# Task description:
Check each line of the entries. Copy the ones that contain the string "orbT".

--------------------

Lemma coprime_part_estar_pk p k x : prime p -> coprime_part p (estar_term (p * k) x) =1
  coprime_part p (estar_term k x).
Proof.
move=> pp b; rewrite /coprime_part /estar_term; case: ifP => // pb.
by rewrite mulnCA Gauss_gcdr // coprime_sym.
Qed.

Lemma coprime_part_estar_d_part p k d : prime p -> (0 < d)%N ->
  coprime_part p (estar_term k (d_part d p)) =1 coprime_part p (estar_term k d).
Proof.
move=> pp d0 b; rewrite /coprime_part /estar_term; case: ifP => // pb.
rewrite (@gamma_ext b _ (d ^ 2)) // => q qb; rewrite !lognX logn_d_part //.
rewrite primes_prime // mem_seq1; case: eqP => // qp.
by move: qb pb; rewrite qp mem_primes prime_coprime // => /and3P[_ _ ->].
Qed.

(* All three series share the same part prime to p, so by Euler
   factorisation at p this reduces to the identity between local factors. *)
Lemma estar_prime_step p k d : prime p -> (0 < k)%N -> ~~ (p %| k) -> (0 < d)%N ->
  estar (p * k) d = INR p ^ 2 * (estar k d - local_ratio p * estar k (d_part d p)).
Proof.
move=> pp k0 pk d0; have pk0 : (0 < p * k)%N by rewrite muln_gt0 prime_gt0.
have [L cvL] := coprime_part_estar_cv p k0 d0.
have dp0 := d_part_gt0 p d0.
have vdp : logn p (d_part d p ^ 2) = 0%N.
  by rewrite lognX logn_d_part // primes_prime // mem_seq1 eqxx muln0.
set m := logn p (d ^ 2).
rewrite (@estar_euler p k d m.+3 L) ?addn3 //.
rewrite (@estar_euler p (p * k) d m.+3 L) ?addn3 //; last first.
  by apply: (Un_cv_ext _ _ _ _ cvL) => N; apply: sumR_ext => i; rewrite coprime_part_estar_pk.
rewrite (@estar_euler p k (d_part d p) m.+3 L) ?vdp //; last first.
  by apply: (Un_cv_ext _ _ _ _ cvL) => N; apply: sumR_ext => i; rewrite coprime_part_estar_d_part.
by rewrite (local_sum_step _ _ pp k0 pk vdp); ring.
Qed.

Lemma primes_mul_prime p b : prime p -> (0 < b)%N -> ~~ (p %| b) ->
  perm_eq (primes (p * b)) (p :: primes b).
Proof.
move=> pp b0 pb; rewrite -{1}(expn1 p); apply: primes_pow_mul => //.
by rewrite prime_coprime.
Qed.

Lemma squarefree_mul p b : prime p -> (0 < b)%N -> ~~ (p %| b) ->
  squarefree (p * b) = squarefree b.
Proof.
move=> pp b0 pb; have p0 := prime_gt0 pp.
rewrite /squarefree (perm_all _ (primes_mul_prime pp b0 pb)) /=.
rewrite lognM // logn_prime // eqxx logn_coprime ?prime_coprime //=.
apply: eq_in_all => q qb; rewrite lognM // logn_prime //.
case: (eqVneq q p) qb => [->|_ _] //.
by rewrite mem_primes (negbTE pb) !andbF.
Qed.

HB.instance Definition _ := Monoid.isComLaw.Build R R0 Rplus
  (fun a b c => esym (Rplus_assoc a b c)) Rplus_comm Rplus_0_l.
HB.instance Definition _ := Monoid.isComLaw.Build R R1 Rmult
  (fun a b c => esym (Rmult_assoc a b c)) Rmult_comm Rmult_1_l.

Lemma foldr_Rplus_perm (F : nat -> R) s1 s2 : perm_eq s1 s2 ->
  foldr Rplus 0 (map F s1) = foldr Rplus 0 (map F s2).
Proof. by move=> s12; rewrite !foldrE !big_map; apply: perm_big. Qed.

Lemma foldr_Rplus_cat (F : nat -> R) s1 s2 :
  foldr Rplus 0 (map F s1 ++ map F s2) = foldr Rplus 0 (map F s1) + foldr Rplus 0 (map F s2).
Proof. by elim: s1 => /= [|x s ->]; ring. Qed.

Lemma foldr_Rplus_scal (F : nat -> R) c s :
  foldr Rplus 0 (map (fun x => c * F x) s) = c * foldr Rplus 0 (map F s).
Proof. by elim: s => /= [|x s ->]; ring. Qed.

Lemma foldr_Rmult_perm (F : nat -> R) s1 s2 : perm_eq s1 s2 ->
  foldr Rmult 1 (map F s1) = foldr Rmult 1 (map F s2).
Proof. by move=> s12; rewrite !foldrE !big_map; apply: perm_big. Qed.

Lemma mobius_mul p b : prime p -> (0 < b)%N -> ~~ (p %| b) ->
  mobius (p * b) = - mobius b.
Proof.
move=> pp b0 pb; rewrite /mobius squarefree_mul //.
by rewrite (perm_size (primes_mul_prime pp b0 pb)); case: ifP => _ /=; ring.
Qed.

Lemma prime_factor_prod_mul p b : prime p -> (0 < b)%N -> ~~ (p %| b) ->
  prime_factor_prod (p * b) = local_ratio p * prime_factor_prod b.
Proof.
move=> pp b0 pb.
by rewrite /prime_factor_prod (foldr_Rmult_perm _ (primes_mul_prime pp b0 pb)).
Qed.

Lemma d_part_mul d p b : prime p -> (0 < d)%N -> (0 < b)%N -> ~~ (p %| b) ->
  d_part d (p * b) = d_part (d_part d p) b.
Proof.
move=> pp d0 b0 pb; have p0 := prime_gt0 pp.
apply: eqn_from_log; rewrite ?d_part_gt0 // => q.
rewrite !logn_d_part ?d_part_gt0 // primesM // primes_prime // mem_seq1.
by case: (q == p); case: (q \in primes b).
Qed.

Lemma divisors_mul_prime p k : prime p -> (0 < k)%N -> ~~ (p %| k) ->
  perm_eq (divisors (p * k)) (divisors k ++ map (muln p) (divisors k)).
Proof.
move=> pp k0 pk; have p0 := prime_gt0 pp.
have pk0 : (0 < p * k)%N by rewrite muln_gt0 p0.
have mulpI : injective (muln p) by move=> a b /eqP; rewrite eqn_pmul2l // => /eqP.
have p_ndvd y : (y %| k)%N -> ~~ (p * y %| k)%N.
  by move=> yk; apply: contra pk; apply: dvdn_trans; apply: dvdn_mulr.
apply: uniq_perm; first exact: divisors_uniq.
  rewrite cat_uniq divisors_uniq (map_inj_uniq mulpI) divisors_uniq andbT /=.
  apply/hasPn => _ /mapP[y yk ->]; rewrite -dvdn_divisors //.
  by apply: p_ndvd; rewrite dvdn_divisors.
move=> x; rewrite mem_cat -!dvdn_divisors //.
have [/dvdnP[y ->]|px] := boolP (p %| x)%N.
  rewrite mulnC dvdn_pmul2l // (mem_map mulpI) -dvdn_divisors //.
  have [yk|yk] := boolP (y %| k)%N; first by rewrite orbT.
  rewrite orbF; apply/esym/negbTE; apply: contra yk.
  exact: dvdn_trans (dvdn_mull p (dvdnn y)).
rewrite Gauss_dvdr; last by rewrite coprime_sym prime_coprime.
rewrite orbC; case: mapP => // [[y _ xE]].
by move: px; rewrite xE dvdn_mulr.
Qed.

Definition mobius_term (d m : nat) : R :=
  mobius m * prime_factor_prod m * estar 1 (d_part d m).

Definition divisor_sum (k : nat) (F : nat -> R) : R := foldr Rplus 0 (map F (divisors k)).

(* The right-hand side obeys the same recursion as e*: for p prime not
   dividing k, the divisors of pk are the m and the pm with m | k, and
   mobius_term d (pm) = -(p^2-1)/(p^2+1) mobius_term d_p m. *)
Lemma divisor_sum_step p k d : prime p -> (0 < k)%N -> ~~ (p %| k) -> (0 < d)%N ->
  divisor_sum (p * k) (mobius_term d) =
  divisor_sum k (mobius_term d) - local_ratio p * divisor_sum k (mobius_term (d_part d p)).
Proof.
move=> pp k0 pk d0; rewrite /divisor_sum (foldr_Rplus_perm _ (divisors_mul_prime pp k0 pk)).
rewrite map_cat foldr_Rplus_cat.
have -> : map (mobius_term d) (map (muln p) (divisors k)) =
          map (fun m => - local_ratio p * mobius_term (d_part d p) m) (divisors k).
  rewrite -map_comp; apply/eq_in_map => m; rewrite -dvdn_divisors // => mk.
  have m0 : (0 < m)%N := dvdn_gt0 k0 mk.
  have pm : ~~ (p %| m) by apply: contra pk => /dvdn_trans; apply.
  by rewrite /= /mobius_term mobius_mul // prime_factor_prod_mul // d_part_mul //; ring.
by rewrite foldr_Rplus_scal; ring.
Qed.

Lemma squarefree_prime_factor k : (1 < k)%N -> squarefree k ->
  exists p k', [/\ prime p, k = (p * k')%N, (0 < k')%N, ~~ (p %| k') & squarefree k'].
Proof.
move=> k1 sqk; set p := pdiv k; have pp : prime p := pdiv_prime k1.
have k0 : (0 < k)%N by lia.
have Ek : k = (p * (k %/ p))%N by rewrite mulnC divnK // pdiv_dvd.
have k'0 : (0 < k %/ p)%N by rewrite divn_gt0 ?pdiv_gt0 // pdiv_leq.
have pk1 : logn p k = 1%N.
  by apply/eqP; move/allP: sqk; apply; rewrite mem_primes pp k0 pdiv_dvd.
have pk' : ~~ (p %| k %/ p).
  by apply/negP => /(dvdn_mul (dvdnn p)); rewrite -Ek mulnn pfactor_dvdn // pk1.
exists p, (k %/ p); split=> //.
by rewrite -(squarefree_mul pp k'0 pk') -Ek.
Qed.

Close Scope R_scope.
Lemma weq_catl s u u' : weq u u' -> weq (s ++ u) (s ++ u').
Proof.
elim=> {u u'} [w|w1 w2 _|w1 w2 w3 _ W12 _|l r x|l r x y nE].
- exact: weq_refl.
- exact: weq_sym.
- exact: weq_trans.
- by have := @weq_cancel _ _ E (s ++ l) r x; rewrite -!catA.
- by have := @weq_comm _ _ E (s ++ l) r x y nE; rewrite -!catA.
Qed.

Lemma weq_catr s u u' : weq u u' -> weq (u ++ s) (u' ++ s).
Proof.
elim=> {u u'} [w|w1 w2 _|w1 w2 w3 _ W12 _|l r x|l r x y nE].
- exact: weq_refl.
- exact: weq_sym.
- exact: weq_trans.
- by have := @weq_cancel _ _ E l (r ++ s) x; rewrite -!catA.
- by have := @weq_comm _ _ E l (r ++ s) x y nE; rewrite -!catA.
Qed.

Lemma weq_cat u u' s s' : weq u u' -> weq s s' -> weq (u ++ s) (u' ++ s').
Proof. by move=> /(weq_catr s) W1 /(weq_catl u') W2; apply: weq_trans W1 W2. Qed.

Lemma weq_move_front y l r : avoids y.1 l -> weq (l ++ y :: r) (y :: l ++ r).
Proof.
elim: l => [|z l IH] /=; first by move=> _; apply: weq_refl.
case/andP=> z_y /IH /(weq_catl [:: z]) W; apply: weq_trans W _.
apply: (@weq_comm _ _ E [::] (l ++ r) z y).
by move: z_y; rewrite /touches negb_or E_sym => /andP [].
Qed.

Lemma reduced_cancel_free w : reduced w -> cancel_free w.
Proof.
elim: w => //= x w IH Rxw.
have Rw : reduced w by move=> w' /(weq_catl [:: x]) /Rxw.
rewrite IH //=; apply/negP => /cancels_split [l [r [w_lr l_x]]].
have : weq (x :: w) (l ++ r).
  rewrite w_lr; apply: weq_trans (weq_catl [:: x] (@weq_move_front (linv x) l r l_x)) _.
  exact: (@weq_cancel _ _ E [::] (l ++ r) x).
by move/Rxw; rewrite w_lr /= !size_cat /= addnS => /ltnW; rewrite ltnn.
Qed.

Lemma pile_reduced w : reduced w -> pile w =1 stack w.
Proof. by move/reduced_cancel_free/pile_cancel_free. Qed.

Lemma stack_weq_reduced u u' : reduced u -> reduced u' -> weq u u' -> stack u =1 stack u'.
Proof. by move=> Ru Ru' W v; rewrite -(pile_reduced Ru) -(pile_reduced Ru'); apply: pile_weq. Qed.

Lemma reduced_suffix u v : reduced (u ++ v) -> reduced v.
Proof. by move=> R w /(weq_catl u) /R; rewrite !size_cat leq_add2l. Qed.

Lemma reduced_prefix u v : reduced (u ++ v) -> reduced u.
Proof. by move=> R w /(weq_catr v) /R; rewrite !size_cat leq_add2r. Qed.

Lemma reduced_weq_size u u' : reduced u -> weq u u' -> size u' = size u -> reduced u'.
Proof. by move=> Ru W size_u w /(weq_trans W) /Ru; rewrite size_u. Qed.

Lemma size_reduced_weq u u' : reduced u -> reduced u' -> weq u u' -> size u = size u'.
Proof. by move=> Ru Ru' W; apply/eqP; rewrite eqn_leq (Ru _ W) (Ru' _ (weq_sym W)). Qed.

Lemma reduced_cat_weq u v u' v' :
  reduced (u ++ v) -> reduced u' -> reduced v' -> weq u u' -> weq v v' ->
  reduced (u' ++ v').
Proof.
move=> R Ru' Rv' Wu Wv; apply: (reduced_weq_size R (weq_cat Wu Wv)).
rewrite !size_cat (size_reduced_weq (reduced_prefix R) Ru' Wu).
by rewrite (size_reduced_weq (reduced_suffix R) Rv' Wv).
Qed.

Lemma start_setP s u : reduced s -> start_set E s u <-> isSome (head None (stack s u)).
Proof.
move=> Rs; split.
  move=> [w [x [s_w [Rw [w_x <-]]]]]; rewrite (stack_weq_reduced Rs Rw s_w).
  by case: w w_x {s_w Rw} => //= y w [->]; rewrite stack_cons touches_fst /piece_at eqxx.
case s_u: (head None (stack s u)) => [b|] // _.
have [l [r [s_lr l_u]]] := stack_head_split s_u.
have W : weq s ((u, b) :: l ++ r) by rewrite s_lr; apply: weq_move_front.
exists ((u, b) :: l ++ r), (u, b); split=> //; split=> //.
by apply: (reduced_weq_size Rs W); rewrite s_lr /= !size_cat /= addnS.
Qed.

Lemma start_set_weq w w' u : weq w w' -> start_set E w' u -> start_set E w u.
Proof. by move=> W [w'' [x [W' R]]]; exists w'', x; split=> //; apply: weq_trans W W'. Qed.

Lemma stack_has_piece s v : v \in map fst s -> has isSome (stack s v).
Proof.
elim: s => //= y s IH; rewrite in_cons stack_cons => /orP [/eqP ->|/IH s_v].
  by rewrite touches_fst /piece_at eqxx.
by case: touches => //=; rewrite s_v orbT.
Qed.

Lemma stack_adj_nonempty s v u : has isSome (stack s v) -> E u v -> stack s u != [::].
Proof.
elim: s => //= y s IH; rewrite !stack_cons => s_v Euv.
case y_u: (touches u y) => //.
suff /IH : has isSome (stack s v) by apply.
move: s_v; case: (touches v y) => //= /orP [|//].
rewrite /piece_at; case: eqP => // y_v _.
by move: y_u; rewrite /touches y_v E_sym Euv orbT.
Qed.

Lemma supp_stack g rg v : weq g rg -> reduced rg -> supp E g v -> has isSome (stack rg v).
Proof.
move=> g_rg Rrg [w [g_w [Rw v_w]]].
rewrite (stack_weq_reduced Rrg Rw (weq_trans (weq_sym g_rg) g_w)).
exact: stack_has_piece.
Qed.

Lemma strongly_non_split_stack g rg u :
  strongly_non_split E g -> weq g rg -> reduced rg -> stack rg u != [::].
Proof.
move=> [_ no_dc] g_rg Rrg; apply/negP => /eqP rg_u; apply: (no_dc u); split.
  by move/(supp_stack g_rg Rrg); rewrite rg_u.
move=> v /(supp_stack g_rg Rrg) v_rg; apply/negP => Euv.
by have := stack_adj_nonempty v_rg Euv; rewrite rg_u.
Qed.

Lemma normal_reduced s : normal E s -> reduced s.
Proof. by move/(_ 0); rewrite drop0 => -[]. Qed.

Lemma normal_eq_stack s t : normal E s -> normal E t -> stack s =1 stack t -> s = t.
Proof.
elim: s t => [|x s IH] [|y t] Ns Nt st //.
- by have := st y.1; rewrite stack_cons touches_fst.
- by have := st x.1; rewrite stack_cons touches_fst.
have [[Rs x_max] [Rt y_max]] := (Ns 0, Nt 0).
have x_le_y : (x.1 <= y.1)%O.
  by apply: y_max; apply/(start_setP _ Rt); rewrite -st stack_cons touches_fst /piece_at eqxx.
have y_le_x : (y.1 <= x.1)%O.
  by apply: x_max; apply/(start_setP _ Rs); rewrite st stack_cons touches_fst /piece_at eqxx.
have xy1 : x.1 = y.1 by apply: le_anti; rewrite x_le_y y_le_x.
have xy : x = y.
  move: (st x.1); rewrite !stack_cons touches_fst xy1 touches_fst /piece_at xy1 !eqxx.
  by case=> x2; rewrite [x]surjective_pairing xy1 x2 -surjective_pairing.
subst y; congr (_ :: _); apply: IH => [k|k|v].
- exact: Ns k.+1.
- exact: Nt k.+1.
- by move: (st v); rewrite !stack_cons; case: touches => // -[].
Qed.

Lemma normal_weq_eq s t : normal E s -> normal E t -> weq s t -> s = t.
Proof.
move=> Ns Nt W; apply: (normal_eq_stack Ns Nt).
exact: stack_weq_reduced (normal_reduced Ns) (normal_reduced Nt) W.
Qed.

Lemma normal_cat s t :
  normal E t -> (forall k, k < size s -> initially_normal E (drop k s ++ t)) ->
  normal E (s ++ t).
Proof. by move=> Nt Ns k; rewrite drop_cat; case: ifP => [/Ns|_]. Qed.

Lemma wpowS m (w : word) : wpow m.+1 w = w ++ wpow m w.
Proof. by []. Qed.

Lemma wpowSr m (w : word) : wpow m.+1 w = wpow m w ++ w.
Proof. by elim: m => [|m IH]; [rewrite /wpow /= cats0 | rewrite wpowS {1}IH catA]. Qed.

--------------------

# Exercise output:
  have [yk|yk] := boolP (y %| k)%N; first by rewrite orbT.
by case: touches => //=; rewrite s_v orbT.
by move: y_u; rewrite /touches y_v E_sym Euv orbT.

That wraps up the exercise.